→ Exercise goal: Of all the lines below, output only those starting at the one with "z_antler V m z (C1 :|: C2) (F1 :|: F2)." and ending at the one with "End Antlers.", both ends included, exactly as written.

→ Input:

=== Begin Enclosure ===

Lemma z_antler_union m V z C1 F1 C2 F2 : (forall x y, m x y = m y x) ->
  z_antler V m z C1 F1 -> z_antler (V :\: (C1 :|: F1)) m z C2 F2 ->
  z_antler V m z (C1 :|: C2) (F1 :|: F2).
Proof.
move=> msym [[fvc1 ge1] [VH1 [mH1 [sub1 cert1]]]].
move=> [[fvc2 ge2] [VH2 [mH2 [sub2 cert2]]]].
have [/subsetDP [_ d21] _ _ _] := fvc2; rewrite disjoint_sym in d21.
split; first split; first exact: fvc_union.
  move=> X fX; apply: leq_trans (leq_card_setU C1 C2).1 _; rewrite setUACA in fX.
  by apply: (fvs_ge_union d21 (subsetUl _ _) (subsetUr _ _) _ _ ge1 ge2) fX.
have [sVH1 _ _ supp1] := sub1; have [sVH2 _ _ supp2] := sub2.
have dVH : [disjoint VH1 & VH2] := disjointW sVH1 sVH2 d21.
exists (VH1 :|: VH2), (addm mH1 mH2); rewrite setUACA.
by split; [apply: subgraph_addm | apply: certificate_addm].
Qed.

End Antlers.

Theorem proposition27 (T : finType) (m : T -> T -> nat)
  (msym : forall x y, m x y = m y x)
  (z l : nat) (C F : nat -> {set T}) :
  antler_seq [set: T] m z l C F ->
  forall i, 1 <= i <= l ->
    z_antler [set: T] m z (\bigcup_(j < i) C j) (\bigcup_(j < i) F j).
Proof.
move=> [_ [_ zC]]; elim=> [// | [|i] IH] /andP [_ il].
  by rewrite !big_ord1; have := zC 0 il; rewrite big_ord0 setD0.
rewrite !(big_ord_recr i.+1) /=; apply: z_antler_union msym (IH _) _.
  exact: ltnW.
by rewrite -big_split; apply: zC.
Qed.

=== End Enclosure ===

→ Answer to the exercise:
  z_antler V m z (C1 :|: C2) (F1 :|: F2).
Proof.
move=> msym [[fvc1 ge1] [VH1 [mH1 [sub1 cert1]]]].
move=> [[fvc2 ge2] [VH2 [mH2 [sub2 cert2]]]].
have [/subsetDP [_ d21] _ _ _] := fvc2; rewrite disjoint_sym in d21.
split; first split; first exact: fvc_union.
  move=> X fX; apply: leq_trans (leq_card_setU C1 C2).1 _; rewrite setUACA in fX.
  by apply: (fvs_ge_union d21 (subsetUl _ _) (subsetUr _ _) _ _ ge1 ge2) fX.
have [sVH1 _ _ supp1] := sub1; have [sVH2 _ _ supp2] := sub2.
have dVH : [disjoint VH1 & VH2] := disjointW sVH1 sVH2 d21.
exists (VH1 :|: VH2), (addm mH1 mH2); rewrite setUACA.
by split; [apply: subgraph_addm | apply: certificate_addm].
Qed.

End Antlers.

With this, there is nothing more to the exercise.